**Exercise description**
Starting at the line that contains "intros Ht; pose proof Q_pos; pose proof PI_RGT_0;" in the listing below, write out every line word for word until you have written the line that contains "intros Ht; pose proof Q_pos; pose proof PI_RGT_0.".

**Source records**
Lemma sin_sq_ratio_approx a u : 0 < a <= u -> u <= 1 ->
  Rabs (sin a ^ 2 / sin u ^ 2 - a ^ 2 / u ^ 2) <= u ^ 2.
Proof.
  intros [Ha Hau] Hu; pose proof PI2_1.
  pose proof (sin_ge_cubic a ltac:(lra) ltac:(lra)) as Hla.
  pose proof (sin_ge_cubic u ltac:(lra) ltac:(lra)) as Hlu.
  pose proof (sin_le_id a ltac:(lra)) as Hua.
  pose proof (sin_le_id u ltac:(lra)) as Huu.
  set (sa := sin a) in *; set (su := sin u) in *.
  set (c := 1 - u ^ 2 / 6).
  assert (Hc : 5 / 6 <= c <= 1) by (unfold c; nra).
  assert (Hsu : u * c <= su) by (unfold c; nra).
  assert (Hsu0 : 0 < su) by nra.
  assert (Hsa2 : a ^ 2 - a ^ 4 / 3 <= sa ^ 2 <= a ^ 2).
  { assert (a * (1 - a ^ 2 / 6) <= sa) by nra.
    assert (0 <= a * (1 - a ^ 2 / 6)) by nra; nra. }
  assert (Hau4 : a ^ 4 <= u ^ 4) by (apply pow_incr; lra).
  apply Rabs_le; split.
  - assert (E : (a ^ 2 - u ^ 4) / u ^ 2 = a ^ 2 / u ^ 2 - u ^ 2) by (field; lra).
    enough ((a ^ 2 - u ^ 4) / u ^ 2 <= sa ^ 2 / su ^ 2) by lra.
    apply Rle_trans with (sa ^ 2 / u ^ 2).
    { apply Rmult_le_compat_r; [apply Rlt_le, Rinv_0_lt_compat|]; nra. }
    apply Rmult_le_compat_l; [nra|]; apply Rinv_le_contravar; nra.
  - apply Rle_trans with (a ^ 2 / (u * c) ^ 2 - a ^ 2 / u ^ 2).
    { unfold Rminus; apply Rplus_le_compat_r, Rmult_le_compat; try nra.
      - apply Rlt_le, Rinv_0_lt_compat; nra.
      - apply Rinv_le_contravar; [nra|]; apply pow_incr; nra. }
    replace (a ^ 2 / (u * c) ^ 2 - a ^ 2 / u ^ 2)
      with ((a / u) ^ 2 * ((1 - c ^ 2) / c ^ 2)) by (field; lra).
    assert (Hq : 0 <= a / u <= 1).
    { split; [apply Rdiv_nonneg|apply Rdiv_le_of_le_mul]; lra. }
    assert (Hr : 0 <= (1 - c ^ 2) / c ^ 2 <= u ^ 2).
    { split; [apply Rdiv_nonneg|apply Rdiv_le_of_le_mul]; unfold c in *; nra. }
    assert (0 <= (a / u) ^ 2 <= 1) by nra.
    nra.
Qed.

Lemma sq_ratio_le_telescope_step Q M s v : 0 < Q -> 2 <= M ->
  0 <= s <= PI / (2 * Q) -> PI * (M - 1 / 2) / (3 * Q) <= v ->
  s ^ 2 / v ^ 2 <= 9 / 4 * (1 / (M - 1) - 1 / M).
Proof.
  intros HQ HM Hs Hv; pose proof PI_RGT_0.
  assert (Hv0 : 0 < PI * (M - 1 / 2) / (3 * Q)) by (apply Rdiv_lt_0_compat; nra).
  apply Rle_trans with ((PI / (2 * Q)) ^ 2 / (PI * (M - 1 / 2) / (3 * Q)) ^ 2).
  { apply Rmult_le_compat; try apply pow_le; try lra.
    - apply Rlt_le, Rinv_0_lt_compat; nra.
    - apply pow_incr; lra.
    - apply Rinv_le_contravar; [nra|]; apply pow_incr; lra. }
  replace ((PI / (2 * Q)) ^ 2 / (PI * (M - 1 / 2) / (3 * Q)) ^ 2)
    with (9 / 4 * / (M - 1 / 2) ^ 2) by (field; lra).
  replace (1 / (M - 1) - 1 / M) with (/ (M * (M - 1))) by (field; lra).
  apply Rmult_le_compat_l; [lra|]; apply Rinv_le_contravar; nra.
Qed.

Definition prodR (l : list nat) (f : nat -> R) : R := fold_right Rmult 1 (map f l).

Lemma prod1_prodR N f : prod1 N f = prodR (seq 1 N) f.
Proof. reflexivity. Qed.

Lemma prodR_nil f : prodR nil f = 1.
Proof. reflexivity. Qed.

Lemma prodR_cons t l f : prodR (t :: l) f = f t * prodR l f.
Proof. reflexivity. Qed.

Lemma prodR_app l1 l2 f : prodR (l1 ++ l2) f = prodR l1 f * prodR l2 f.
Proof.
  induction l1 as [|t l1 IH]; simpl app; rewrite ?prodR_nil, ?prodR_cons, ?IH; ring.
Qed.

Lemma prodR_mult l f g : prodR l (fun t => f t * g t) = prodR l f * prodR l g.
Proof. induction l as [|t l IH]; rewrite ?prodR_nil, ?prodR_cons, ?IH; ring. Qed.

Lemma prodR_ext l f g : (forall t, In t l -> f t = g t) -> prodR l f = prodR l g.
Proof.
  induction l as [|t l IH]; intros Hfg; [reflexivity|].
  rewrite !prodR_cons, Hfg, IH; auto using in_eq, in_cons.
Qed.

Lemma prodR_unit_interval l f : (forall t, In t l -> 0 <= f t <= 1) ->
  0 <= prodR l f <= 1.
Proof.
  induction l as [|t l IH]; intros Hf; rewrite ?prodR_nil, ?prodR_cons; [lra|].
  pose proof (Hf t (in_eq t l)).
  assert (0 <= prodR l f <= 1) by (apply IH; auto using in_cons).
  nra.
Qed.

Lemma prodR_dist_le l f g e :
  (forall t, In t l -> 0 <= f t <= 1 /\ 0 <= g t <= 1 /\ Rabs (f t - g t) <= e) ->
  Rabs (prodR l f - prodR l g) <= INR (length l) * e.
Proof.
  induction l as [|t l IH]; intros Hfg.
  - rewrite !prodR_nil, Rminus_diag, Rabs_R0; simpl; lra.
  - assert (Hl : forall s, In s l -> 0 <= f s <= 1 /\ 0 <= g s <= 1 /\ Rabs (f s - g s) <= e)
      by auto using in_cons.
    destruct (Hfg t (in_eq t l)) as (Hf & Hg & He).
    pose proof (IH Hl) as IHl.
    pose proof (prodR_unit_interval l g (fun s Hs => proj1 (proj2 (Hl s Hs)))).
    rewrite !prodR_cons, length_cons, S_INR.
    replace (f t * prodR l f - g t * prodR l g)
      with (f t * (prodR l f - prodR l g) + (f t - g t) * prodR l g) by ring.
    eapply Rle_trans; [apply Rabs_triang|].
    rewrite !Rabs_mult, (Rabs_pos_eq (f t)), (Rabs_pos_eq (prodR l g)) by lra.
    pose proof (Rabs_pos (prodR l f - prodR l g)); pose proof (Rabs_pos (f t - g t)).
    nra.
Qed.

Lemma prodR_seq_ge_telescope s n f h :
  (forall t, (s <= t < s + n)%nat -> 0 <= f t <= 1 /\ 1 - f t <= h t - h (S t)) ->
  1 - (h s - h (s + n)%nat) <= prodR (seq s n) f.
Proof.
  revert s; induction n as [|n IH]; intros s Hf.
  - rewrite Nat.add_0_r, prodR_nil; lra.
  - change (seq s (S n)) with (s :: seq (S s) n); rewrite prodR_cons.
    destruct (Hf s ltac:(lia)) as [Hfs Hhs].
    assert (IHs : 1 - (h (S s) - h (S s + n)%nat) <= prodR (seq (S s) n) f)
      by (apply IH; intros t Ht; apply Hf; lia).
    assert (0 <= prodR (seq (S s) n) f <= 1)
      by (apply prodR_unit_interval; intros t Ht; apply in_seq in Ht; apply Hf; lia).
    replace (s + S n)%nat with (S s + n)%nat by lia.
    nra.
Qed.

Lemma prodR_seq_reflect q k F : (k <= q)%nat ->
  prodR (seq (q - k) k) F = prodR (seq 1 k) (fun t => F (q - t)%nat).
Proof.
  induction k as [|k IH]; intros Hk; [reflexivity|].
  replace (seq (q - S k) (S k)) with ((q - S k)%nat :: seq (q - k) k)
    by (simpl; f_equal; f_equal; lia).
  rewrite seq_S, prodR_cons, prodR_app, IH by lia.
  rewrite prodR_cons, prodR_nil; replace (1 + k)%nat with (S k) by lia; ring.
Qed.

Definition sine_angle (q : nat) (L : R) (xi : nat -> R) (t : nat) : R :=
  PI * (INR t / INR q - L * xi t).

Section ReflectedSineProduct.

Variables (q : nat) (L : R) (xi : nat -> R).
Hypotheses (Hq : (0 < q)%nat) (HL : 0 < L) (HLq : L * INR q < 1)
  (Hxi0 : xi 0%nat = - / 2)
  (Hxi : forall t, (1 <= t < q)%nat -> - / 2 <= xi t <= / 2).

Local Notation Q := (INR q).
Local Notation u := (sine_angle q L xi).

Definition sine_factor (t : nat) : R := 1 - sin (u 0%nat) ^ 2 / sin (u t) ^ 2.
Definition angle_factor (t : nat) : R := 1 - u 0%nat ^ 2 / u t ^ 2.

Let Q_pos : 0 < Q := lt_0_INR q Hq.

Lemma sine_angle_0_bounds : 0 < u 0%nat < PI / (2 * Q).
Proof.
  pose proof Q_pos; pose proof PI_RGT_0.
  unfold sine_angle; rewrite Hxi0; simpl INR.
  replace (PI * (0 / Q - L * - / 2)) with (PI * L / 2) by (field; lra).
  split; [nra|]; apply Rmult_lt_reg_r with (2 * Q); [lra|].
  replace (PI / (2 * Q) * (2 * Q)) with PI by (field; lra); nra.
Qed.

Lemma sine_angle_bounds t : (1 <= t < q)%nat ->
  PI * (INR t - / 2) / Q <= u t <= PI * (INR t + / 2) / Q.
Proof.
  intros Ht; pose proof Q_pos; pose proof PI_RGT_0; destruct (Hxi t Ht).
  assert (HLQ : - / 2 <= L * Q * xi t <= / 2).
  { assert (0 < L * Q) by nra; split; nra. }
  unfold sine_angle.
  replace (PI * (INR t / Q - L * xi t)) with (PI * (INR t - L * Q * xi t) / Q) by (field; lra).
  split; apply Rmult_le_compat_r; try apply Rlt_le, Rinv_0_lt_compat; nra.
Qed.

Lemma sine_angle_inner t : (1 <= t < q)%nat -> u 0%nat < u t < PI - u 0%nat.
Proof.
  intros Ht; pose proof Q_pos; pose proof PI_RGT_0.
  pose proof sine_angle_0_bounds; destruct (sine_angle_bounds t Ht) as [Hlo Hhi].
  assert (HT : 1 <= INR t <= Q - 1).
  { split; [apply (le_INR 1); lia|].
    rewrite <- (INR_1 : INR 1 = 1), <- minus_INR by lia; apply le_INR; lia. }
  assert (PI / (2 * Q) <= PI * (INR t - / 2) / Q).
  { replace (PI / (2 * Q)) with (PI * (1 - / 2) / Q) by (field; lra).
    apply Rmult_le_compat_r; [apply Rlt_le, Rinv_0_lt_compat|]; nra. }
  assert (PI * (INR t + / 2) / Q <= PI - PI / (2 * Q)).
  { replace (PI - PI / (2 * Q)) with (PI * (Q - / 2) / Q) by (field; lra).
    apply Rmult_le_compat_r; [apply Rlt_le, Rinv_0_lt_compat|]; nra. }
  lra.
Qed.

Lemma sin_sine_angle_pos t : (1 <= t < q)%nat -> 0 < sin (u t).
Proof.
  intros Ht; pose proof (sine_angle_inner t Ht); pose proof sine_angle_0_bounds.
  apply sin_gt_0; lra.
Qed.

Lemma sine_factor_unit_interval t : (1 <= t < q)%nat -> 0 <= sine_factor t <= 1.
Proof.
  intros Ht; pose proof (sine_angle_inner t Ht); pose proof sine_angle_0_bounds.
  pose proof (sin_sine_angle_pos t Ht).
  assert (0 <= sin (u 0%nat) <= sin (u t))
    by (split; [apply sin_ge_0|apply sin_ge_sin_on_arc]; lra).
  unfold sine_factor.
  assert (0 <= sin (u 0%nat) ^ 2 / sin (u t) ^ 2 <= 1); [|lra].
  split; [apply Rdiv_nonneg|apply Rdiv_le_of_le_mul]; nra.
Qed.

Lemma angle_factor_unit_interval t : (1 <= t < q)%nat -> 0 <= angle_factor t <= 1.
Proof.
  intros Ht; pose proof (sine_angle_inner t Ht); pose proof sine_angle_0_bounds.
  unfold angle_factor.
  assert (0 <= u 0%nat ^ 2 / u t ^ 2 <= 1); [|lra].
  split; [apply Rdiv_nonneg|apply Rdiv_le_of_le_mul]; nra.
Qed.

Lemma sine_factor_reflect t : (1 <= t < q)%nat -> xi (q - t)%nat = - xi t ->
  sine_factor (q - t) = sine_factor t.
Proof.
  intros Ht Hr; pose proof Q_pos; unfold sine_factor.
  replace (u (q - t)%nat) with (PI - u t); [now rewrite sin_PI_x|].
  unfold sine_angle; rewrite Hr, minus_INR by lia; field; lra.
Qed.

Variable k : nat.
Hypotheses (Hk : (1 <= k)%nat) (Hkq : (k * k <= q)%nat) (Hkq8 : (8 * k + 8 <= q)%nat).

Local Notation K := (INR k).

Let K_bounds : 1 <= K /\ K * K <= Q /\ 8 * K + 8 <= Q.
Proof.
  split; [apply (le_INR 1); lia|]; split.
  - rewrite <- mult_INR; apply le_INR; lia.
  - replace (8 * K + 8) with (INR (8 * k + 8)) by (rewrite plus_INR, mult_INR; simpl; ring).
    apply le_INR; lia.
Qed.

Lemma outer_factor_close t : (1 <= t <= k)%nat ->
  Rabs (sine_factor t - angle_factor t) <= 64 / Q.
Proof.
  intros Ht; pose proof Q_pos; pose proof PI_4; destruct K_bounds as (HK1 & HKK & HK8).
  assert (Htq : (1 <= t < q)%nat) by lia.
  pose proof (sine_angle_inner t Htq); pose proof sine_angle_0_bounds.
  destruct (sine_angle_bounds t Htq) as [_ Hhi].
  assert (HtK : INR t <= K) by (apply le_INR; lia).
  assert (HuQ : u t * Q <= 8 * K).
  { assert (u t * Q <= PI * (INR t + / 2) / Q * Q) by (apply Rmult_le_compat_r; lra).
    replace (PI * (INR t + / 2) / Q * Q) with (PI * (INR t + / 2)) in * by (field; lra).
    nra. }
  assert (Hu1 : u t <= 1) by nra.
  assert (Hu64 : u t ^ 2 <= 64 / Q).
  { apply Rle_trans with ((8 * K) ^ 2 / Q ^ 2).
    - replace (u t ^ 2) with ((u t * Q) ^ 2 / Q ^ 2) by (field; lra).
      apply Rmult_le_compat_r; [apply Rlt_le, Rinv_0_lt_compat; nra|].
      apply pow_incr; nra.
    - apply Rdiv_le_of_le_mul; [nra|].
      replace (64 / Q * Q ^ 2) with (64 * Q) by (field; lra); nra. }
  unfold sine_factor, angle_factor.
  replace (1 - sin (u 0%nat) ^ 2 / sin (u t) ^ 2 - (1 - u 0%nat ^ 2 / u t ^ 2))
    with (- (sin (u 0%nat) ^ 2 / sin (u t) ^ 2 - u 0%nat ^ 2 / u t ^ 2)) by ring.
  rewrite Rabs_Ropp; eapply Rle_trans; [apply sin_sq_ratio_approx|]; lra.
Qed.

Lemma outer_product_close :
  Rabs (prodR (seq 1 k) sine_factor - prodR (seq 1 k) angle_factor) <= 64 / K.
Proof.
  pose proof Q_pos; destruct K_bounds as (HK1 & HKK & HK8).
  eapply Rle_trans.
  - apply prodR_dist_le; intros t Ht; apply in_seq in Ht.
    split; [|split]; [apply sine_factor_unit_interval|apply angle_factor_unit_interval|
      apply outer_factor_close]; lia.
  - rewrite length_seq; apply (Rmult_le_reg_r (K * Q)); [nra|].
    replace (K * (64 / Q) * (K * Q)) with (64 * (K * K)) by (field; lra).
    replace (64 / K * (K * Q)) with (64 * Q) by (field; lra).
    lra.
Qed.

(* With [m = min (t, q - t)], the bound [sin x >= x / 3] on [[0, PI / 2]] gives
   [sin (u 0) ^ 2 / sin (u t) ^ 2 <= 9 / 4 / (m - 1 / 2) ^ 2 <= 9 / 4 * (1 / (m - 1) - 1 / m)],
   an increment of this majorant. *)
Definition middle_majorant (t : nat) : R := 9 / 4 * (1 / (INR t - 1) - 1 / (Q - INR t)).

**Task answer**
  intros Ht; pose proof Q_pos; pose proof PI_RGT_0; destruct (Hxi t Ht).
  assert (HLQ : - / 2 <= L * Q * xi t <= / 2).
  { assert (0 < L * Q) by nra; split; nra. }
  unfold sine_angle.
  replace (PI * (INR t / Q - L * xi t)) with (PI * (INR t - L * Q * xi t) / Q) by (field; lra).
  split; apply Rmult_le_compat_r; try apply Rlt_le, Rinv_0_lt_compat; nra.
Qed.

Lemma sine_angle_inner t : (1 <= t < q)%nat -> u 0%nat < u t < PI - u 0%nat.
Proof.
  intros Ht; pose proof Q_pos; pose proof PI_RGT_0.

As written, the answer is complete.